#### Task to carry out:
Your reply should be a single number, the count of lines in the records that contain "eqxx".

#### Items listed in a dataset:
=== Section Start ===

(* Let $d\ge2$ and $R,S\subset\mathbb{Z}_d$. Then $\mathrm{ZMF}^{\mathrm{gr}}_{\mathrm{bi}}(\hat P_R,\hat P_S)=\mathbb{C}\,1$ if $R=S$, and $\mathrm{ZMF}^{\mathrm{gr}}_{\mathrm{bi}}(\hat P_R,\hat P_S)=0$ otherwise.
   Context: Let $\eta=e^{2\pi i/d}$. Graded matrix bifactorisations of $x^d$: $\mathbb{Z}_2$-graded free $\mathbb{C}[x,y]$-modules $M$ with a $\mathbb{C}$-grading compatible with the module structure, where $x,y$ have $\mathbb{C}$-degree $2/d$, and an odd $\mathbb{C}[x,y]$-linear $d^M$ of $\mathbb{C}$-degree $1$ with $d^M\circ d^M=(x^d-y^d)1_M$. $\mathrm{ZMF}^{\mathrm{gr}}_{\mathrm{bi}}(M,N)$ is the space of even $\mathbb{C}[x,y]$-linear maps $f:M\to N$ of $\mathbb{C}$-degree $0$ with $d^Nf=fd^M$. For $S\subset\mathbb{Z}_d$ and $\alpha\in\mathbb{C}$, $P_S\{\alpha\}$ has even part $\mathbb{C}[x,y]$ with $1$ in degree $\alpha$, odd part $\mathbb{C}[x,y]$ with $1$ in degree $\alpha+\frac2d|S|-1$, $d_1=\prod_{j\in S}(x-\eta^jy)$ (odd to even), $d_0=\prod_{j\notin S}(x-\eta^jy)$ (even to odd). $\hat P_S:=P_S\{\frac{1-|S|}{d}\}$. *)

From HB Require Import structures.
From Stdlib Require Import Reals.
From mathcomp Require Import all_boot all_order all_algebra.
From mathcomp Require Import Rstruct complex.
Set Implicit Arguments. Unset Strict Implicit. Unset Printing Implicit Defensive.
Import Order.TTheory GRing.Theory Num.Theory.
Local Open Scope ring_scope.

Definition CC : Type := (Rdefinitions.R)[i].

Definition eta (d : nat) : CC :=
  Complex (cos (2 * PI / INR d))%R (sin (2 * PI / INR d))%R.

(* Bivariate polynomials C[x,y] are represented as {poly {poly C}}:
   the outer variable is x, the inner variable is y.  The coefficient of
   x^i y^j in p is  p`_i`_j. *)
Definition bipoly := {poly {poly CC}}.
Definition varx : bipoly := 'X.
Definition vary : bipoly := ('X)%:P.

(* A homogeneous (w.r.t. the C-grading, deg x = deg y = 2/d) bivariate
   polynomial of C-degree a : every monomial x^i y^j occurring in p has degree
   (i+j)*2/d = a.  (The zero polynomial is homogeneous of every degree.) *)
Definition homog_deg (d : nat) (a : CC) (p : bipoly) : Prop :=
  forall i j : nat, p`_i`_j != 0 -> (i + j)%:R * (2 / d%:R) = a.

(* A graded matrix bifactorisation of rank (1|1): even part C[x,y] with
   generator 1 in C-degree deg0, odd part C[x,y] with generator 1 in C-degree
   deg1, differential given by d1 : odd -> even and d0 : even -> odd. *)
Record mf11 := MF11 {
  deg0 : CC; deg1 : CC; dif1 : bipoly; dif0 : bipoly }.

Definition P_shift (d : nat) (S : {set 'I_d}) (alpha : CC) : mf11 :=
  MF11 alpha (alpha + (2 / d%:R) * #|S|%:R - 1)
       (\prod_(j in S) (varx - ((eta d) ^+ j)%:P%:P * vary))
       (\prod_(j in ~: S) (varx - ((eta d) ^+ j)%:P%:P * vary)).

Definition Phat (d : nat) (S : {set 'I_d}) : mf11 :=
  P_shift S ((1 - #|S|%:R) / d%:R).

(* An even C[x,y]-linear map
   f : M -> N is determined by the images of the generators:
   f(1_even) = f0 * 1_even, f(1_odd) = f1 * 1_odd, i.e. by the pair (f0, f1).
   It has C-degree 0 iff f0, f1 are homogeneous of the appropriate degrees,
   and d^N f = f d^M amounts to  d1^N f1 = f0 d1^M  and  d0^N f0 = f1 d0^M. *)
Definition ZMF (d : nat) (M N : mf11) (f : bipoly * bipoly) : Prop :=
  [/\ homog_deg d (deg0 M - deg0 N) f.1,
      homog_deg d (deg1 M - deg1 N) f.2,
      dif1 N * f.2 = f.1 * dif1 M &
      dif0 N * f.1 = f.2 * dif0 M].

(* A morphism (f0, f1) of C-degree 0 between \hat P_R and \hat P_S has f0 homogeneous of
   degree (|S| - |R|)/d and f1 of degree (|R| - |S|)/d; as x and y have degree 2/d, all
   monomials of f0 have total degree (|S| - |R|)/2 and those of f1 total degree (|R| - |S|)/2.
   So one of them vanishes unless |R| = |S|, and then both are constants.  The relation
   d1^S f1 = f0 d1^R between monic polynomials in x then forces f1 = f0 = 0 in the first case,
   and f0 = f1 = c in the second; if c <> 0 the products of the distinct linear factors
   x - eta^j y over R and over S coincide, whence R = S. *)

From Pilot Require Import Defs.
From HB Require Import structures.
From Stdlib Require Import Reals Lra.
From mathcomp Require Import all_boot all_order all_algebra.
From mathcomp Require Import Rstruct complex ring zify.
Import GRing.Theory Num.Theory.
Set Implicit Arguments. Unset Strict Implicit. Unset Printing Implicit Defensive.
Local Open Scope ring_scope.

Section RealTrig.
Local Open Scope R_scope.

Lemma cos_lt1 (x : R) : 0 < x < 2 * PI -> cos x < 1.
Proof.
move=> [x_gt0 x_lt2PI].
have sin_half_gt0 : 0 < sin (x / 2) by apply: sin_gt_0; lra.
have -> : x = 2 * (x / 2) by lra.
rewrite cos_2a_sin; nra.
Qed.

Lemma eta_angle_full (d : nat) : (0 < d)%N -> INR d * (2 * PI / INR d) = 2 * PI.
Proof.
move=> d_gt0; rewrite Rmult_comm /Rdiv Rmult_assoc Rinv_l ?Rmult_1_r //.
by apply/not_0_INR/eqP; rewrite -lt0n.
Qed.

Lemma eta_angle_bounds (m d : nat) : (0 < m < d)%N ->
  0 < INR m * (2 * PI / INR d) < 2 * PI.
Proof.
move=> /andP[m_gt0 m_lt_d].
have m_gt0R : 0 < INR m by apply/lt_0_INR/ltP.
have m_lt_dR : INR m < INR d by apply/lt_INR/ltP.
have turn_gt0 : 0 < 2 * PI / INR d by apply: Rdiv_lt_0_compat; have := PI_RGT_0; lra.
split; first exact: Rmult_lt_0_compat.
rewrite -{2}(eta_angle_full (ltn_trans m_gt0 m_lt_d)).
exact: Rmult_lt_compat_r.
Qed.

End RealTrig.

Lemma eta_expE (d m : nat) : Defs.eta d ^+ m =
  Complex (cos (INR m * (2 * PI / INR d))) (sin (INR m * (2 * PI / INR d))).
Proof.
elim: m => [|m IH]; first by rewrite expr0 /= Rmult_0_l cos_0 sin_0.
rewrite exprS IH /Defs.eta S_INR /GRing.mul /=.
rewrite Rmult_plus_distr_r Rmult_1_l cos_plus sin_plus.
by congr Complex; rewrite ?RplusE ?RminusE ?RmultE; ring.
Qed.

Lemma eta_prim_root (d : nat) : (0 < d)%N -> d.-primitive_root (Defs.eta d).
Proof.
move=> d_gt0.
have etad1 : Defs.eta d ^+ d = 1 by rewrite eta_expE eta_angle_full // cos_2PI sin_2PI.
have [m prim_m m_dvd_d] := prim_order_exists d_gt0 etad1.
have m_gt0 := prim_order_gt0 prim_m.
suff d_eq_m : d = m by rewrite {1}d_eq_m.
apply/eqP; rewrite eqn_leq (dvdn_leq d_gt0 m_dvd_d) andbT leqNgt; apply/negP => m_lt_d.
have := congr1 (@complex.Re _) (prim_expr_order prim_m); rewrite eta_expE /=.
by apply/Rlt_not_eq/cos_lt1/eta_angle_bounds; rewrite m_gt0.
Qed.

Lemma eta_exp_inj (d : nat) : (0 < d)%N -> injective (fun j : 'I_d => Defs.eta d ^+ j).
Proof.
move=> d_gt0 j k /eqP; rewrite (eq_prim_root_expr (eta_prim_root d_gt0)).
by rewrite !modn_small // => /eqP/val_inj.
Qed.

Section ProdXsubC.
Variables (R : idomainType) (I : finType) (c : I -> R).
Hypothesis c_inj : injective c.

Lemma root_prod_XsubC_in (A : {set I}) j :
  root (\prod_(k in A) ('X - (c k)%:P)) (c j) = (j \in A).
Proof.
rewrite rootE horner_prod; apply/prodf_eq0/idP => [[k kA]|jA].
  by rewrite hornerXsubC subr_eq0 (inj_eq c_inj) => /eqP ->.
by exists j; rewrite // hornerXsubC subrr.
Qed.

Lemma prod_XsubC_inj (A B : {set I}) :
  \prod_(k in A) ('X - (c k)%:P) = \prod_(k in B) ('X - (c k)%:P) -> A = B.
Proof. by move=> eqAB; apply/setP => j; rewrite -!root_prod_XsubC_in eqAB. Qed.

End ProdXsubC.

Lemma homog_deg_coef d n m (p : bipoly) i j : (0 < d)%N ->
  homog_deg d ((n%:R - m%:R) / d%:R) p -> p`_i`_j != 0 -> (2 * (i + j) + m = n)%N.
Proof.
move=> d_gt0 p_homog /p_homog; rewrite mulrA => /(mulIf (invr_neq0 _)).
rewrite pnatr_eq0 -lt0n => /(_ d_gt0) eq_deg.
by apply/eqP; rewrite -(eqr_nat CC) natrD natrM mulrC eq_deg subrK.
Qed.

Lemma homog_deg_eq0 d n m (p : bipoly) : (0 < d)%N -> (n < m)%N ->
  homog_deg d ((n%:R - m%:R) / d%:R) p -> p = 0.
Proof.
move=> d_gt0 lt_nm p_homog; apply/polyP => i; apply/polyP => j; rewrite !coef0.
apply/eqP; apply: contraTT lt_nm => /(homog_deg_coef d_gt0 p_homog) <-.
by rewrite -leqNgt leq_addl.
Qed.

Lemma homog_deg_const d (p : bipoly) : (0 < d)%N ->
  homog_deg d 0 p -> p = (p`_0`_0)%:P%:P.
Proof.
move=> d_gt0 p_homog.
have {}p_homog : homog_deg d ((0%:R - 0%:R) / d%:R) p by rewrite subrr mul0r.
apply/polyP => i; apply/polyP => j; rewrite !coefC.
case: i j => [|i] [|j] //=; rewrite ?coefC ?coef0 //=; apply/eqP; apply: contraT;
  by move=> /(homog_deg_coef d_gt0 p_homog); lia.
Qed.

Lemma homog_deg0 d a : homog_deg d a (0 : bipoly).
Proof. by move=> i j; rewrite !coef0 eqxx. Qed.

Lemma homog_degC d (c : CC) : homog_deg d 0 c%:P%:P.
Proof. by move=> [|i] [|j]; rewrite ?coefC ?coef0 ?eqxx //= mul0r. Qed.

Lemma deg0_Phat_sub d (R S : {set 'I_d}) :
  deg0 (Phat R) - deg0 (Phat S) = (#|S|%:R - #|R|%:R) / d%:R.
Proof. by rewrite /=; ring. Qed.

Lemma deg1_Phat_sub d (R S : {set 'I_d}) :
  deg1 (Phat R) - deg1 (Phat S) = (#|R|%:R - #|S|%:R) / d%:R.
Proof. by rewrite /=; ring. Qed.

Lemma dif1_Phat d (S : {set 'I_d}) :
  dif1 (Phat S) = \prod_(j in S) ('X - ((Defs.eta d ^+ j)%:P * 'X)%:P).
Proof. by apply: eq_bigr => j _; rewrite /varx /vary polyCM. Qed.

Lemma eta_mulX_inj d : (0 < d)%N ->
  injective (fun j : 'I_d => (Defs.eta d ^+ j)%:P * 'X : {poly CC}).
Proof.
move=> d_gt0 j k /(mulIf (negbT (polyX_eq0 _)))/polyC_inj; exact: eta_exp_inj.
Qed.

Lemma ZMF0 d (M N : mf11) : ZMF d M N (0, 0).
Proof. by split; rewrite /= ?mulr0 ?mul0r //; exact: homog_deg0. Qed.

Lemma ZMF_Phat_scalar_id d (S : {set 'I_d}) (c : CC) :
  ZMF d (Phat S) (Phat S) (c%:P%:P, c%:P%:P).
Proof.
by split; rewrite ?subrr; [exact: homog_degC | exact: homog_degC | exact: mulrC ..].
Qed.

Section ZMF_Phat.
Variables (d : nat) (R S : {set 'I_d}) (f0 f1 : bipoly).
Hypotheses (d_gt0 : (0 < d)%N) (f_ZMF : ZMF d (Phat R) (Phat S) (f0, f1)).

Lemma ZMF_Phat_card_neq : #|R| != #|S| -> (f0, f1) = (0, 0).
Proof.
case: f_ZMF; rewrite deg0_Phat_sub deg1_Phat_sub !dif1_Phat /=.
move=> f0_homog f1_homog dif1_eq _.
have prod_neq0 (A : {set 'I_d}) :
    \prod_(j in A) ('X - ((Defs.eta d ^+ j)%:P * 'X)%:P) != 0.
  exact: monic_neq0 (monic_prod_XsubC _ _ _).
case: ltngtP => // [lt_RS | lt_SR] _.
- have f1_eq0 := homog_deg_eq0 d_gt0 lt_RS f1_homog.
  move: dif1_eq; rewrite f1_eq0 mulr0 => /esym/eqP.
  by rewrite mulf_eq0 (negbTE (prod_neq0 R)) orbF => /eqP ->.
- have f0_eq0 := homog_deg_eq0 d_gt0 lt_SR f0_homog.
  move: dif1_eq; rewrite f0_eq0 mul0r => /eqP.
  by rewrite mulf_eq0 (negbTE (prod_neq0 S)) => /eqP ->.
Qed.

Lemma ZMF_Phat_card_eq : #|R| = #|S| ->
  exists2 c : CC, (f0, f1) = (c%:P%:P, c%:P%:P) & c = 0 \/ R = S.
Proof.
case: f_ZMF; rewrite deg0_Phat_sub deg1_Phat_sub !dif1_Phat /=.
move=> f0_homog f1_homog dif1_eq _ eq_card.
rewrite eq_card subrr mul0r in f0_homog f1_homog.
rewrite (homog_deg_const d_gt0 f0_homog) (homog_deg_const d_gt0 f1_homog) in dif1_eq *.
set a := f0`_0`_0 in dif1_eq *; set b := f1`_0`_0 in dif1_eq *.
have eq_ba : b = a.
  move/(congr1 lead_coef): dif1_eq; rewrite [X in lead_coef X]mulrC.
  rewrite !lead_coef_Mmonic; try exact: monic_prod_XsubC.
  by rewrite !lead_coefC => /polyC_inj.
exists a; first by rewrite eq_ba.
move: dif1_eq; rewrite eq_ba mulrC.
have [-> | a_neq0 dif1_eq] := eqVneq a 0; [by left | right].
have aPP_neq0 : a%:P%:P != 0 :> bipoly by rewrite !polyC_eq0.
by apply: (prod_XsubC_inj (eta_mulX_inj d_gt0)); apply/esym/(mulfI aPP_neq0).
Qed.

Lemma ZMF_Phat_scalar :
  exists2 c : CC, (f0, f1) = (c%:P%:P, c%:P%:P) & c = 0 \/ R = S.
Proof.
have [eq_card | neq_card] := eqVneq #|R| #|S|; first exact: ZMF_Phat_card_eq.
by exists 0; [exact: ZMF_Phat_card_neq | left].
Qed.

End ZMF_Phat.

Theorem lemma3p12 (d : nat) (hd : (2 <= d)%N) (R S : {set 'I_d}) :
  (R = S -> forall f : bipoly * bipoly,
     ZMF d (Phat R) (Phat S) f <-> exists c : CC, f = (c%:P%:P, c%:P%:P)) /\
  (R <> S -> forall f : bipoly * bipoly,
     ZMF d (Phat R) (Phat S) f <-> f = (0, 0)).
Proof.
have d_gt0 : (0 < d)%N := ltnW hd.
split=> [<- | neq_RS] [f0 f1]; split.
- by case/(ZMF_Phat_scalar d_gt0) => c -> _; exists c.
- by case=> c ->; exact: ZMF_Phat_scalar_id.
- by case/(ZMF_Phat_scalar d_gt0) => c -> [-> | /neq_RS].
- by move=> ->; exact: ZMF0.
Qed.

=== Section End ===

#### Response box:
2